═════ SUPPLIED DATA
Section PathDomain.
Variables (C : E * R -> Prop) (p0 : E * R).
Hypothesis C_pconn : forall q, C q <-> pconn (off_neumann f) p0 q.
Hypothesis p0_off : off_neumann f p0.
Hypothesis C_deg_le2 : forall w, contains_vertex C w -> (deg w <= 2)%N.

Lemma component_off q : C q -> off_neumann f q.
Proof. by move/C_pconn; apply: pconn_r; exact: off_neumann_peq. Qed.

Lemma component_pconn_closed p q : C p -> pconn (off_neumann f) p q -> C q.
Proof. by move=> /C_pconn p0p pq; apply/C_pconn/(pconn_trans p0p pq). Qed.

Lemma component_vertex_crit (e : E) x w : C (e, x) -> pvert (e, x) = Some w ->
  deg w = 1%N /\ f' e x = 0.
Proof.
move=> Cx xw; have [b [hb _]] := pvert_half_at xw.
have deg1 : deg w = 1%N.
  apply: (deg_le2_eq1 hb); apply: C_deg_le2.
  by exists (e, x); split => //; split => //; case: (component_off Cx).
by split => //; apply: (vertex_crit xw) => h hv; exact: deg1_outder deg1 hv.
Qed.

Lemma component_interior_noncrit :
  exists (e : E) x, [/\ 0 < x < L e, f' e x != 0 & C (e, x)].
Proof.
have C_p0 : C p0 by apply/C_pconn/pconn_peq => //; apply: peq_refl; case: p0_off.
case: p0 p0_off C_p0 => e x0 [vx0 nx0] Cx0.
case x0v: (pvert (e, x0)) => [v|]; last first.
  have x0L := pvert_None_interior vx0 x0v; exists e, x0; split => //.
  by apply: contra_notN nx0 => /eqP f'0; exact/(neumann_pt_interior x0L).
have [l l_crit] := choice exists_first_crit.
have [l1 l1L] := (first_crit_gt0 (l_crit (e, true)), first_crit_lt_len (l_crit (e, true))).
have [l2 l2L] := (first_crit_gt0 (l_crit (e, false)), first_crit_lt_len (l_crit (e, false))).
have [_ _ nz1] := l_crit (e, true); have [_ _ nz2] := l_crit (e, false).
rewrite /= in l1L l2L nz1 nz2.
have reach y : on_arm v l e y -> C (e, y).
  by move/(on_arm_reach (conj vx0 nx0) x0v l_crit)/(component_pconn_closed Cx0).
case/pvertP: x0v => -[_ ev].
- exists e, (l (e, true) / 2); split; first by apply/andP; split; lra.
    by apply: nz1; apply/andP; split; lra.
  by apply: reach; left; split => //; apply/andP; split; lra.
- exists e, (L e - l (e, false) / 2); split; first by apply/andP; split; lra.
    by apply: nz2; apply/andP; split; lra.
  by apply: reach; right; split => //; apply/andP; split; lra.
Qed.

Section Window.
Variables (e : E) (x1 a0 : R).
Local Notation b0 := (a0 + pi / k).
Hypothesis x1_C : C (e, x1).
Hypotheses (x1_gt0 : 0 < x1) (x1_lt_len : x1 < L e).
Hypotheses (a0_lt_x1 : a0 < x1) (x1_lt_b0 : x1 < b0).
Hypothesis a0_crit : f' e a0 = 0.
Hypothesis b0_crit : f' e b0 = 0.
Hypothesis window_noncrit : forall z, a0 < z < b0 -> f' e z != 0.

(* [lra] ignores section hypotheses, so the proofs below copy them into the context. *)

Lemma window_C y : a0 <= y <= b0 -> 0 <= y <= L e -> off_neumann f (e, y) -> C (e, y).
Proof.
move=> y_ab y_L y_off; apply: component_pconn_closed x1_C _; apply: pconn_seg => z z_in.
have [->//|z_neq_y] := eqVneq z y.
have x1_L : 0 < x1 < L e by rewrite x1_gt0.
have x1_ab : a0 < x1 < b0 by rewrite a0_lt_x1.
apply: off_neumann_interior; first exact: between_neq_in_open x1_L y_L z_in z_neq_y.
by apply: window_noncrit; exact: between_neq_in_open x1_ab y_ab z_in z_neq_y.
Qed.

Lemma window_vertex z w : pvert (e, z) = Some w -> a0 <= z <= b0 ->
  f' e z = 0 /\ (neumann_pt f (e, z) \/ deg1_vertex_pt (e, z)).
Proof.
move=> zw z_ab.
have vz : valid (e, z) by case/pvertP: zw => -[-> _]; [exact: valid_src | exact: valid_tgt].
have [nz|not_nz] := EM (neumann_pt f (e, z)).
  by split; [exact: neumann_vertex_crit zw nz | left].
have [deg1 f'z] := component_vertex_crit (window_C z_ab vz (conj vz not_nz)) zw.
by split => //; right; split => //; exists w.
Qed.

Lemma window_ge0 : 0 <= a0.
Proof.
rewrite leNgt; apply/negP => a0_lt0; have L0 := len_gt0 e.
have : a0 < 0 < b0 by move: (x1_gt0) (x1_lt_b0) => ? ?; apply/andP; split; lra.
move=> /[dup] /andP[_ /ltW b0_ge0] /window_noncrit/negP; apply.
by case: (window_vertex (pvert_src e) (_ : a0 <= 0 <= b0)) => [|->//]; rewrite ltW.
Qed.

Lemma window_le_len : b0 <= L e.
Proof.
rewrite leNgt; apply/negP => b0_gtL; have L0 := len_gt0 e.
have : a0 < L e < b0 by move: (x1_lt_len) (a0_lt_x1) => ? ?; apply/andP; split; lra.
move=> /[dup] /andP[/ltW a0_le _] /window_noncrit/negP; apply.
by case: (window_vertex (pvert_tgt e) (_ : a0 <= L e <= b0)) => [|->//]; rewrite a0_le ltW.
Qed.

Lemma window_end z : f' e z = 0 -> a0 <= z <= b0 ->
  neumann_pt f (e, z) \/ deg1_vertex_pt (e, z).
Proof.
move=> f'z z_ab; case zv: (pvert (e, z)) => [w|]; first exact: (window_vertex zv z_ab).2.
have a0_ge0 := window_ge0; have b0_le := window_le_len.
have vz : valid (e, z) by rewrite /valid /=; apply/andP; split; lra.
by left; apply/(neumann_pt_interior (pvert_None_interior vz zv)).
Qed.

Lemma window_inner_not_neumann y : a0 < y < b0 -> ~ neumann_pt f (e, y).
Proof.
move=> y_ab; have a0_ge0 := window_ge0; have b0_le := window_le_len.
have yL : 0 < y < L e by apply/andP; split; lra.
by case: (off_neumann_interior yL (window_noncrit y_ab)).
Qed.

Lemma window_peq q y :
  a0 <= y <= b0 -> ~ neumann_pt f (e, y) -> peq q (e, y) -> q = (e, y).
Proof.
move=> y_ab not_ny [_ [_ [->//|[w [qw yw]]]]].
have [_ [//|[_ [w' [yw' deg1]]]]] := window_vertex yw y_ab.
by move: deg1; rewrite yw in yw'; case: yw' => <- deg1; apply: deg1_pvert_uniq deg1 qw yw.
Qed.

Definition in_window q := exists y, a0 <= y <= b0 /\ peq q (e, y) /\ ~ neumann_pt f (e, y).

Lemma in_window_pconn p q : pconn (off_neumann f) p q -> in_window p -> in_window q.
Proof.
elim=> [e1 x y off_seg|p' q' _ pq|p' q' r' _ IH1 _ IH2].
- move=> [y0 [y0_ab [pe nn]]].
  case: (window_peq y0_ab nn pe) => ? ?; subst e1 x.
  have y_in : Num.min y0 y <= y <= Num.max y0 y by rewrite betweenE !lexx !orbT.
  have [/andP[y_ge0 y_le] y_nn] := off_seg y y_in; rewrite /= in y_ge0 y_le.
  have a0_ge0 := window_ge0; have b0_le := window_le_len.
  move: y0_ab (x1_lt_len) (a0_lt_x1) (x1_gt0) (x1_lt_b0) => /andP[a0y0 y0b0] ? ? ? ?.
  exists y; split; last by split => //; apply: peq_refl; rewrite /valid /= y_ge0.
  apply/andP; split; rewrite leNgt; apply/negP => y_out.
  + have a0_in : Num.min y0 y <= a0 <= Num.max y0 y.
      by rewrite betweenE (ltW y_out) a0y0 orbT.
    have a0_L : 0 < a0 < L e by apply/andP; split; lra.
    by have [_ []] := off_seg a0 a0_in; apply/(neumann_pt_interior a0_L).
  + have b0_in : Num.min y0 y <= b0 <= Num.max y0 y.
      by rewrite betweenE (ltW y_out) y0b0 orbT.
    have b0_L : 0 < b0 < L e by apply/andP; split; lra.
    by have [_ []] := off_seg b0 b0_in; apply/(neumann_pt_interior b0_L).
- move=> [y0 [y0_ab [pe nn]]]; exists y0; split => //; split => //.
  exact: peq_trans (peq_sym pq) pe.
- by move=> /IH1 /IH2.
Qed.

Lemma component_in_window q : C q <-> in_window q.
Proof.
split=> [/C_pconn p0q|[y [y_ab [qy y_nn]]]].
  have x1_in : in_window (e, x1).
    exists x1; split; first by rewrite !ltW.
    split; last by apply: window_inner_not_neumann; rewrite a0_lt_x1.
    by apply: peq_refl; rewrite /valid /= !ltW.
  apply: in_window_pconn x1_in.
  have /C_pconn p0x1 := x1_C.
  exact: pconn_trans (pconn_sym off_neumann_peq p0x1) p0q.
have := window_ge0; have := window_le_len; move: y_ab => /andP[a0y yb0] ? ?.
have y_off : off_neumann f (e, y) by split => //; rewrite /valid /=; apply/andP; split; lra.
have y_C : C (e, y) by apply: window_C => //; apply/andP; split; lra.
exact: component_pconn_closed y_C (pconn_peq y_off (peq_sym qy)).
Qed.

Lemma window_path_domain : path_domain f C (pi / k).
Proof.
have a0_ge0 := window_ge0; have b0_le := window_le_len; have c0 := pi_div_k_gt0.
exists e, a0, b0; split => //; split; first by rewrite ltrDl.
split => //; split; first by rewrite addrAC subrr add0r.
split; first by apply: window_end a0_crit _; rewrite lexx lerDl ltW.
split; first by apply: window_end b0_crit _; rewrite lexx lerDl ltW.
by split; [exact: window_inner_not_neumann | exact: component_in_window].
Qed.

End Window.

Lemma path_domain_of_component : path_domain f C (pi / k).
Proof.
have [e [x1 [x1_L f'x1 x1_C]]] := component_interior_noncrit.
have [l [/andP[l_gt0 l_le] f'a0 _]] :=
  sine_ode_prev_crit k_gt0 (eigen_ode e) (@eigen_nondegenerate e) x1.
have [f'b0 nz] := sine_ode_crit_period k_gt0 (eigen_ode e) (@eigen_nondegenerate e) f'a0.
have window_noncrit z : x1 - l < z < x1 - l + pi / k -> f' e z != 0.
  move=> /andP[z1 z2]; have := nz (z - (x1 - l)); rewrite (addrC (x1 - l)) subrK; apply.
  by apply/andP; split; lra.
have x1_lt_b0 : x1 < x1 - l + pi / k.
  rewrite lt_neqAle; apply/andP; split; last by lra.
  by apply: contraNneq f'x1 => ->; rewrite f'b0.
case/andP: x1_L => x1_gt0 x1_lt_len.
by apply: (window_path_domain x1_C x1_gt0 x1_lt_len _ x1_lt_b0 f'a0 f'b0 window_noncrit); lra.
Qed.

End PathDomain.

End Eigenfunction.

Unset Implicit Arguments.

Theorem lemma8p2 (R : realType) (G : metric_graph R) (f : edge G -> R -> R) (k : R)
  (C : edge G * R -> Prop) :
  standard_nontrivial G ->
  eigenfunction f k ->
  morse f ->
  pi / Lmin G < k ->
  neumann_component f C ->
  (forall v : vert G, contains_vertex C v -> (2 < deg v)%N -> star_domain f C v) /\
  ((forall v : vert G, contains_vertex C v -> (deg v <= 2)%N) ->
     path_domain f C (pi / k)).
Proof.
move=> G_std f_eigen f_morse k_gt [[p0 C_p0] C_pconn].
split=> [v [p [C_p [_ pv]]] _ | deg_le2].
- have [l l_crit] := choice (exists_first_crit G_std f_eigen f_morse k_gt).
  have p_off := pconn_l ((C_pconn p C_p p).1 C_p).
  exact: star_domain_of_component (C_pconn p C_p) p_off pv l_crit.
- have p0_off := pconn_l ((C_pconn p0 C_p0 p0).1 C_p0).
  exact: path_domain_of_component (C_pconn p0 C_p0) p0_off deg_le2.
Qed.
(* For a complex parameter $\mu$, let $S_n(z;\mu)$, $n\ge -1$, be defined by $S_{-1}=S_0=1$ and $$S_{n+1}S_{n-1}=-z\left[S_n\frac{\partial^2S_n}{\partial z^2}-\left(\frac{\partial S_n}{\partial z}\right)^2\right]-S_n\frac{\partial S_n}{\partial z}+(z+\mu)S_n^2,\qquad n\ge0.$$ Let $\phi_n=\phi_n(\mu)=S_n(0;\mu)$ and $\phi_n'=\frac{\partial S_n}{\partial z}(0;\mu)$. Then for all $n\ge 3$, $$\phi_{n+1}=\frac{\phi_n\phi_{n-1}}{\phi_{n-2}}\left(2\mu^2-2n^2+2n-1-\frac{\phi_n\phi_{n-3}}{\phi_{n-1}\phi_{n-2}}\right),$$ $$\phi_{n+1}'=-\frac{\phi_n\phi_{n+2}}{\phi_{n+1}}+\mu\,\phi_{n+1}.$$
   Context: The $S_n(z;\mu)$ are the Umemura polynomials associated with the third Painlevé equation, regarded as functions of $z$ and the parameter $\mu$; the identities are identities of functions of $\mu$. Here $\phi_n'$ denotes the $z$-derivative evaluated at $z=0$, not a derivative with respect to $\mu$. *)

From HB Require Import structures.
From mathcomp Require Import all_boot all_order all_algebra.
From mathcomp Require Import complex.
From mathcomp Require Import reals.
Set Implicit Arguments. Unset Strict Implicit. Unset Printing Implicit Defensive.
Import Order.TTheory GRing.Theory Num.Theory.
Local Open Scope ring_scope.

(* The parameter field: rational functions in the formal parameter mu over
   the complex numbers C = R[i] (R a real-number type). *)
Definition Kmu (R : realType) := {fraction {poly R[i]}}.

Definition mu (R : realType) : Kmu R := tofrac ('X : {poly R[i]}).

(* Umemura recurrence, with the index shifted by one: S k stands for S_{k-1},
   so S 0 = S_{-1}, S 1 = S_0, and the recurrence at n >= 0 reads
   S_{n+1} S_{n-1} = -z [S_n S_n'' - (S_n')^2] - S_n S_n' + (z + mu) S_n^2. *)
Definition umemura_seq (R : realType) (S : nat -> {poly Kmu R}) : Prop :=
  [/\ S 0%N = 1, S 1%N = 1 &
   forall n : nat,
     S n.+2 * S n =
       - 'X * (S n.+1 * (S n.+1)^`(2) - ((S n.+1)^`()) ^+ 2)
       - S n.+1 * (S n.+1)^`()
       + ('X + (mu R)%:P) * (S n.+1) ^+ 2].

Definition phi (R : realType) (S : nat -> {poly Kmu R}) (n : nat) : Kmu R :=
  (S n.+1).[0].
Definition dphi (R : realType) (S : nat -> {poly Kmu R}) (n : nat) : Kmu R :=
  ((S n.+1)^`()).[0].

From HB Require Import structures.
From mathcomp Require Import all_boot all_order all_algebra.
From mathcomp Require Import complex.
From mathcomp Require Import reals.
From mathcomp Require Import ring.
Set Implicit Arguments. Unset Strict Implicit. Unset Printing Implicit Defensive.
Import Order.TTheory GRing.Theory Num.Theory.
Local Open Scope ring_scope.

(* The recurrence [S_(n+1) S_(n-1) = F(S_n)] propagates two Hirota bilinear
   identities, [D_z(S_(n+1).S_(n-1)) = (2n+1) S_n^2] and [D_z^2(S_(n+1).S_n) = 0].
   At z = 0, with [u_n = mu phi_n - phi'_n], the recurrence reads
   [phi_(n+1) phi_(n-1) = phi_n u_n] and the first identity turns into
   [u_n u_(n-1) = (mu^2 - n^2) phi_n phi_(n-1)]; eliminating u gives
   [phi_(n+1) phi_(n-2) = (mu^2 - n^2) phi_n phi_(n-1)], of which both
   formulas are rearrangements.  Since mu is transcendental, no phi_n and no
   [mu^2 - n^2] vanishes, which keeps every division legitimate. *)

Section HirotaBilinear.

Variable K : idomainType.

Definition hirotaD (f g : {poly K}) : {poly K} := f^`() * g - f * g^`().

Definition hirotaD2 (f g : {poly K}) : {poly K} :=
  f^`()^`() * g - (f^`() * g^`()) *+ 2 + f * g^`()^`().

Lemma hirotaD2_next (g h k : {poly K}) (m : nat) :
  g != 0 -> hirotaD k g = h ^+ 2 *+ m -> hirotaD2 h g = 0 -> hirotaD2 k h = 0.
Proof.
move=> gn0 /eqP; rewrite -subr_eq0 => /eqP Wkg Hhg.
have dWkg := congr1 deriv Wkg; rewrite deriv0 in dWkg.
apply: (mulfI gn0); rewrite mulr0.
have -> : g * hirotaD2 k h =
    h * (hirotaD k g - h ^+ 2 *+ m)^`() - 2%:R * h^`() * (hirotaD k g - h ^+ 2 *+ m)
    + k * hirotaD2 h g.
  rewrite /hirotaD /hirotaD2 !derivE; ring.
by rewrite dWkg Wkg Hhg; ring.
Qed.

Variable c : K.

Definition umemura_op (g : {poly K}) : {poly K} :=
  - 'X * (g * g^`()^`() - g^`() ^+ 2) - g * g^`() + ('X + c%:P) * g ^+ 2.

Lemma deriv_umemura_op (g : {poly K}) : (umemura_op g)^`() =
  - (2%:R * g * g^`()^`()) - 'X * (g * g^`()^`()^`() - g^`() * g^`()^`())
  + g * g + 2%:R * ('X + c%:P) * g * g^`().
Proof. rewrite /umemura_op !expr2 !derivE; ring. Qed.

Lemma hirotaD_umemura_next (f g h k : {poly K}) (m : nat) :
    g != 0 -> h * f = umemura_op g -> k * g = umemura_op h ->
    hirotaD h f = g ^+ 2 *+ m -> hirotaD2 h g = 0 ->
  hirotaD k g = h ^+ 2 *+ m.+2.
Proof.
move=> gn0 /eqP + /eqP + /eqP + Hhg.
rewrite -subr_eq0 => /eqP Rf; rewrite -subr_eq0 => /eqP Rg.
rewrite -subr_eq0 => /eqP Wf.
have dRf := congr1 deriv Rf; have dRg := congr1 deriv Rg.
have dHhg := congr1 deriv Hhg; rewrite deriv0 in dRf dRg dHhg.
apply: (mulfI (expf_neq0 2 gn0)); apply/eqP; rewrite -subr_eq0; apply/eqP.
(* [g^2 (hirotaD k g - (m+2) h^2)] is a combination of the two recurrences,
   their derivatives, the induction hypotheses and the derivative of the
   Hirota equation. *)
have -> : g ^+ 2 * hirotaD k g - g ^+ 2 * (h ^+ 2 *+ m.+2) =
    - ((2%:R * g * h - 'X * g * h^`() - 'X * g^`() * h) * hirotaD2 h g)
    - ('X * g * h) * (hirotaD2 h g)^`()
    + h ^+ 2 * (hirotaD h f - g ^+ 2 *+ m)
    - 2%:R * h * h^`() * (h * f - umemura_op g)
    + h ^+ 2 * (h * f - umemura_op g)^`()
    + g ^+ 2 * (k * g - umemura_op h)^`()
    - 2%:R * g * g^`() * (k * g - umemura_op h).
  rewrite !derivB !deriv_umemura_op /umemura_op /hirotaD /hirotaD2 !derivE; ring.
by rewrite dHhg Hhg dRf dRg Rf Rg Wf; ring.
Qed.

End HirotaBilinear.

Section UmemuraSequence.

Variables (K : fieldType) (c : K) (S : nat -> {poly K}).
Hypotheses (S0 : S 0 = 1) (S1 : S 1 = 1).
Hypothesis S_rec : forall n, S n.+2 * S n = umemura_op c (S n.+1).

Hypothesis pchar0 : [pchar K] =i pred0.

Lemma umemura_hirota n : [/\ S n.+1 != 0,
  hirotaD (S n.+2) (S n) = S n.+1 ^+ 2 *+ (2 * n).+1 &
  hirotaD2 (S n.+2) (S n.+1) = 0].
Proof.
have d1 : (1 : {poly K})^`() = 0 by rewrite -polyC1 derivC.
elim: n => [|n [Sn0 W H]].
  have S2 : S 2 = 'X + c%:P.
    by rewrite -[S 2]mulr1 -S0 S_rec S1 /umemura_op d1 deriv0; ring.
  rewrite S0 S1 S2 /hirotaD /hirotaD2 d1 !derivE; split.
  - exact: oner_neq0.
  - ring.
  - ring.
have Sn1 : S n.+2 != 0.
  have : hirotaD (S n.+2) (S n) != 0.
    rewrite W -mulr_natr -polyC_natr mulf_neq0 ?expf_neq0 //.
    by rewrite polyC_eq0 ((pcharf0P K).1 pchar0).
  by apply: contraNneq => ->; rewrite /hirotaD deriv0 !mul0r subrr.
have W' := hirotaD_umemura_next Sn0 (S_rec n) (S_rec n.+1) W H.
by rewrite mulnSr addn2; split => //; apply: hirotaD2_next Sn0 W' H.
Qed.

Local Notation a j := (S j).[0].
Local Notation b j := ((S j)^`()).[0].
Local Notation u j := (c * a j - b j).

Lemma umemura_rec_at0 n : a n.+2 * a n = a n.+1 * u n.+1.
Proof.
have := congr1 (horner^~ 0) (S_rec n).
rewrite /umemura_op /= !(hornerD, hornerN, hornerM, horner_exp, hornerX, hornerC).
by move=> ->; ring.
Qed.

Lemma hirotaD_at0 n : b n.+2 * a n - a n.+2 * b n = (2 * n).+1%:R * a n.+1 ^+ 2.
Proof.
have [_ W _] := umemura_hirota n.
have := congr1 (horner^~ 0) W.
by rewrite /hirotaD /= !(hornerD, hornerN, hornerM, horner_exp, hornerMn) mulr_natl.
Qed.

Hypothesis c_sqr_neq_natr : forall m : nat, c ^+ 2 != m%:R ^+ 2.

Lemma umemura_u_prod_at0 n :
  [/\ a n != 0, a n.+1 != 0 & u n.+1 * u n = (c ^+ 2 - n%:R ^+ 2) * a n.+1 * a n].
Proof.
elim: n => [|n [an0 an1 U]].
  rewrite S0 S1 -polyC1 derivC hornerC horner0; split.
  - exact: oner_neq0.
  - exact: oner_neq0.
  - ring.
have un1 : u n.+1 != 0.
  have : u n.+1 * u n != 0 by rewrite U !mulf_neq0 // subr_eq0.
  by rewrite mulf_eq0 negb_or => /andP[].
have an2 : a n.+2 != 0.
  have : a n.+2 * a n != 0 by rewrite umemura_rec_at0 mulf_neq0.
  by rewrite mulf_eq0 negb_or => /andP[].
split=> //; apply: (mulfI an0); apply/eqP; rewrite -subr_eq0; apply/eqP.
have -> : a n * (u n.+2 * u n.+1) - a n * ((c ^+ 2 - n.+1%:R ^+ 2) * a n.+2 * a n.+1) =
    - u n.+1 * (b n.+2 * a n - a n.+2 * b n - (2 * n).+1%:R * a n.+1 ^+ 2)
    + a n.+2 * (u n.+1 * u n - (c ^+ 2 - n%:R ^+ 2) * a n.+1 * a n)
    + (2 * n).+1%:R * a n.+1 * (a n.+2 * a n - a n.+1 * u n.+1).
  ring.
by rewrite hirotaD_at0 U umemura_rec_at0; ring.
Qed.

Lemma umemura_rec3_at0 p :
  a p.+3 * a p = (c ^+ 2 - p.+1%:R ^+ 2) * a p.+2 * a p.+1.
Proof.
have [a1 a2 U] := umemura_u_prod_at0 p.+1.
apply: (mulfI (mulf_neq0 a1 a2)); apply/eqP; rewrite -subr_eq0; apply/eqP.
have -> : a p.+1 * a p.+2 * (a p.+3 * a p)
      - a p.+1 * a p.+2 * ((c ^+ 2 - p.+1%:R ^+ 2) * a p.+2 * a p.+1) =
    (a p.+3 * a p.+1 - a p.+2 * u p.+2) * (a p.+2 * a p)
    + a p.+2 * u p.+2 * (a p.+2 * a p - a p.+1 * u p.+1)
    + a p.+2 * a p.+1 * (u p.+2 * u p.+1 - (c ^+ 2 - p.+1%:R ^+ 2) * a p.+2 * a p.+1).
  ring.
by rewrite !umemura_rec_at0 U; ring.
Qed.

Lemma umemura_ratio_at0 p :
  a p.+4 * a p.+1 / (a p.+3 * a p.+2) = c ^+ 2 - p.+2%:R ^+ 2.
Proof.
have [a2 a3 _] := umemura_u_prod_at0 p.+2.
by rewrite umemura_rec3_at0 -mulrA mulfK // mulf_neq0.
Qed.

Lemma umemura_succ_at0 p :
  a p.+4 = a p.+3 * a p.+2 / a p.+1 * (c ^+ 2 - p.+2%:R ^+ 2).
Proof.
have [a1 _ _] := umemura_u_prod_at0 p.+1.
by rewrite -[LHS](mulfK a1) umemura_rec3_at0; ring.
Qed.

Lemma umemura_deriv_at0 n : b n.+2 = - (a n.+1 * a n.+3 / a n.+2) + c * a n.+2.
Proof.
have [_ a2 _] := umemura_u_prod_at0 n.+1.
by rewrite [a n.+1 * _]mulrC umemura_rec_at0 mulrC mulKf //; ring.
Qed.

End UmemuraSequence.

Lemma pchar_Kmu (R : realType) : [pchar Kmu R] =i pred0.
Proof.
apply/pcharf0P => n.
by rewrite -(rmorph_nat (@tofrac _)) tofrac_eq0 -polyC_natr polyC_eq0 pnatr_eq0.
Qed.

Lemma mu_sqr_neq_natr (R : realType) (m : nat) : mu R ^+ 2 != m%:R ^+ 2.
Proof.
rewrite -(rmorph_nat (@tofrac _)) -!tofracXn tofrac_eq.
apply/eqP => /(congr1 (size : {poly R[i]} -> nat)).
by rewrite size_polyXn -natrX -polyC_natr size_polyC; case: eqP.
Qed.

Theorem theorem4p1 (R : realType) (S : nat -> {poly Kmu R}) :
  umemura_seq S ->
  forall n : nat, (3 <= n)%N ->
    phi S n.+1 =
      phi S n * phi S (n - 1)%N / phi S (n - 2)%N *
        (2 * mu R ^+ 2 - 2 * (n%:R) ^+ 2 + 2 * n%:R - 1
         - phi S n * phi S (n - 3)%N / (phi S (n - 1)%N * phi S (n - 2)%N))
    /\ dphi S n.+1 = - (phi S n * phi S n.+2 / phi S n.+1) + mu R * phi S n.+1.
Proof.
move=> [S0 S1 S_rec] n n_ge3.
have pchar0 := pchar_Kmu R; have mu_sqr := @mu_sqr_neq_natr R.
split; last exact: umemura_deriv_at0 S0 S1 S_rec pchar0 mu_sqr n.
case: n n_ge3 => [|[|[|m]]] // _.
rewrite /phi !subSS !subn0 (umemura_ratio_at0 S0 S1 S_rec pchar0 mu_sqr).
by rewrite (umemura_succ_at0 S0 S1 S_rec pchar0 mu_sqr); ring.
Qed.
══════════
Output the listing above word for word, from the opening line through the line that contains "have [l2 l2L]", and leave out everything after it.

Section PathDomain.
Variables (C : E * R -> Prop) (p0 : E * R).
Hypothesis C_pconn : forall q, C q <-> pconn (off_neumann f) p0 q.
Hypothesis p0_off : off_neumann f p0.
Hypothesis C_deg_le2 : forall w, contains_vertex C w -> (deg w <= 2)%N.

Lemma component_off q : C q -> off_neumann f q.
Proof. by move/C_pconn; apply: pconn_r; exact: off_neumann_peq. Qed.

Lemma component_pconn_closed p q : C p -> pconn (off_neumann f) p q -> C q.
Proof. by move=> /C_pconn p0p pq; apply/C_pconn/(pconn_trans p0p pq). Qed.

Lemma component_vertex_crit (e : E) x w : C (e, x) -> pvert (e, x) = Some w ->
  deg w = 1%N /\ f' e x = 0.
Proof.
move=> Cx xw; have [b [hb _]] := pvert_half_at xw.
have deg1 : deg w = 1%N.
  apply: (deg_le2_eq1 hb); apply: C_deg_le2.
  by exists (e, x); split => //; split => //; case: (component_off Cx).
by split => //; apply: (vertex_crit xw) => h hv; exact: deg1_outder deg1 hv.
Qed.

Lemma component_interior_noncrit :
  exists (e : E) x, [/\ 0 < x < L e, f' e x != 0 & C (e, x)].
Proof.
have C_p0 : C p0 by apply/C_pconn/pconn_peq => //; apply: peq_refl; case: p0_off.
case: p0 p0_off C_p0 => e x0 [vx0 nx0] Cx0.
case x0v: (pvert (e, x0)) => [v|]; last first.
  have x0L := pvert_None_interior vx0 x0v; exists e, x0; split => //.
  by apply: contra_notN nx0 => /eqP f'0; exact/(neumann_pt_interior x0L).
have [l l_crit] := choice exists_first_crit.
have [l1 l1L] := (first_crit_gt0 (l_crit (e, true)), first_crit_lt_len (l_crit (e, true))).
have [l2 l2L] := (first_crit_gt0 (l_crit (e, false)), first_crit_lt_len (l_crit (e, false))).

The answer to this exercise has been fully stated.